Developed by: Zurich University of Applied Sciences, Swiss public schools' collaboration
Funded by: Swiss Innovation Agency (Innosuisse)
Shared by: Zurich University of Applied Sciences
Model type: Automatic Speech Recognition (ASR)
Language(s) (NLP): English
License: [More Information Needed]
Finetuned from model: Wav2Vec-XLSR-300M

Model Sources

Repository: https://github.com/mict-zhaw/chall_e2e_stt
Paper: [More Information Needed]

Uses

Direct Use

ChaLL-300M can be directly used for transcribing the English speech of young learners, particularly in educational software designed to provide real-time feedback on language learning. Its ability to accurately preserve and transcribe grammatical, lexical, and pronunciation errors makes it especially useful for applications aimed at improving language acquisition.

Downstream Use

ChaLL-300M can be integrated into larger systems for more complex applications. Examples include:

Voice-based Chatbot for Language-Learners (ChaLL): ChaLL is a chatbot-based solution designed to enhance language learners' speaking skills through personalized, interactive practice. It stands out by focusing on real-world communication, unlike traditional language learning methods.
- Interactive Speaking: Engages learners in conversation, providing real-time feedback.
- Personalized Feedback: Uses the ChaLL-300M model to preserve and correct speech errors.
- Supportive Environment: Mimics real-world scenarios for practical learning.
- Enhanced Competence: Builds fluency and confidence for effective communication.

Out-of-Scope Use

The ChaLL-300M model is not suitable for certain applications:

Transcription of Error-Free Speech: The model is optimized for preserving errors in speech; therefore, it is not ideal for contexts where error-free transcription of adult native speakers' English speech is required.
High-Stakes Professional Transcriptions: The model should not be used in professional or formal contexts where the accuracy of fluent or highly technical speech is crucial.
Bias-Sensitive Applications: Avoid using the model in applications where the bias towards young learners’ speech patterns could negatively impact the results, such as in automated systems assessing adult speech or in regions with significantly different accents or dialects than those present in the training data.

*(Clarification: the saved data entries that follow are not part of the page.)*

(** * The dynamics of [Q] *)

Lemma closed_field_exists_root (L : closedFieldType) (c : L) n :
  (0 < n)%N -> exists x, x ^+ n = c.
Proof.
move=> n0; have : size ('X^n - c%:P) != 1 by rewrite size_XnsubC // eqSS -lt0n.
by move/closed_rootP => [x]; rewrite rootE !hornerE subr_eq0 => /eqP; exists x.
Qed.

Lemma residue_order_rmorph (R : realType) (K L : fieldType) (absK : K -> R)
    (absL : L -> R) (f : {rmorphism K -> L}) lam q :
  (forall x, absL (f x) = absK x) ->
  residue_order absK lam q -> residue_order absL (f lam) q.
Proof.
move=> hf [q0 hq1 hqmin].
by split=> // [|k /hqmin]; rewrite -rmorphXn -(rmorph1 f) -rmorphB hf.
Qed.

Lemma piter_horner (L : fieldType) (P : {poly L}) n x :
  (piter P n).[x] = iter n (horner P) x.
Proof. by elim: n => [|n IH]; rewrite /= ?hornerX // horner_comp -IH. Qed.

Lemma piter_Qpoly (L : fieldType) (lam : L) (S : {poly L}) p n :
  piter (Qpoly lam S p) n =
  (lam ^+ n)%:P * 'X * (\prod_(j < n) (S \Po piter (Qpoly lam S p) j)) ^+ p.
Proof.
elim: n => [|n IH]; first by rewrite big_ord0 expr1n mulr1 expr0 polyC1 mul1r.
rewrite [piter _ n.+1]/= big_ord_recr /= -/(piter _ n).
rewrite /Qpoly !comp_polyM comp_polyC comp_polyX rmorphXn /= -/(Qpoly lam S p) IH.
by rewrite exprSr polyCM !exprMn; ring.
Qed.

Lemma map_Qpoly (K L : fieldType) (f : {rmorphism K -> L}) lam (S : {poly K}) p :
  map_poly f (Qpoly lam S p) = Qpoly (f lam) (map_poly f S) p.
Proof. by rewrite /Qpoly !rmorphM /= map_polyC map_polyX rmorphXn. Qed.

Lemma piterM_horner (L : fieldType) (P : {poly L}) m n x :
  (piter P (m * n)).[x] = iter m (horner (piter P n)) x.
Proof.
rewrite piter_horner iterM; apply: eq_iter => y.
by rewrite piter_horner.
Qed.

Section QDynamics.
Variables (R : realType) (L : closedFieldType) (v : L -> R).
Variables (p : nat) (lam nu : L) (q : nat) (S : {poly L}).
Hypotheses (hv : ultra_abs v) (hp : prime p) (hch : p \in [pchar L]).
Hypotheses (hlam : v lam = 1) (hq : residue_order v lam q) (hlamq : lam ^+ q != 1).
Hypotheses (hS : gauss_le1 v S) (hS0 : S`_0 = 1) (hSdeg : exists i, v (S - 1)`_i = 1).
Hypothesis hnu : nu ^+ p = lam ^+ q.

Local Notation Q := (Qpoly lam S p).

Definition Qprod n := \prod_(j < n) (S \Po piter Q j).

(* [nu] is a [p]-th root of [lam^q], so that [Q^q = X (1 + Hq)^p] ([piter_Qq]). *)
Definition Hq := nu%:P * Qprod q - 1.

Let p_gt0 : (0 < p)%N := prime_gt0 hp.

Bias, Risks, and Limitations

While ChaLL-300M is tailored to preserve the speech errors of young English learners, it may not perform well with adult native speaker data or read-aloud tasks. Additionally, the model could potentially amplify biases present in the training data, such as regional accents or typical errors made by specific age groups. There is also a risk that the model might not handle code-switching or non-English phrases accurately.

Recommendations

Users (both direct and downstream) should be made aware of the risks, biases, and limitations of the model. It's recommended to carefully evaluate the context and specific requirements before deploying it in an application.

How to Get Started with the Model

Use the code below to get started with the ChaLL-300M model:

from transformers import Wav2Vec2ForCTC, Wav2Vec2Processor
import torchaudio, torch

processor = Wav2Vec2Processor.from_pretrained("mict-zhaw/chall_wav2vec2_xlsr_300m")
model = Wav2Vec2ForCTC.from_pretrained("mict-zhaw/chall_wav2vec2_xlsr_300m")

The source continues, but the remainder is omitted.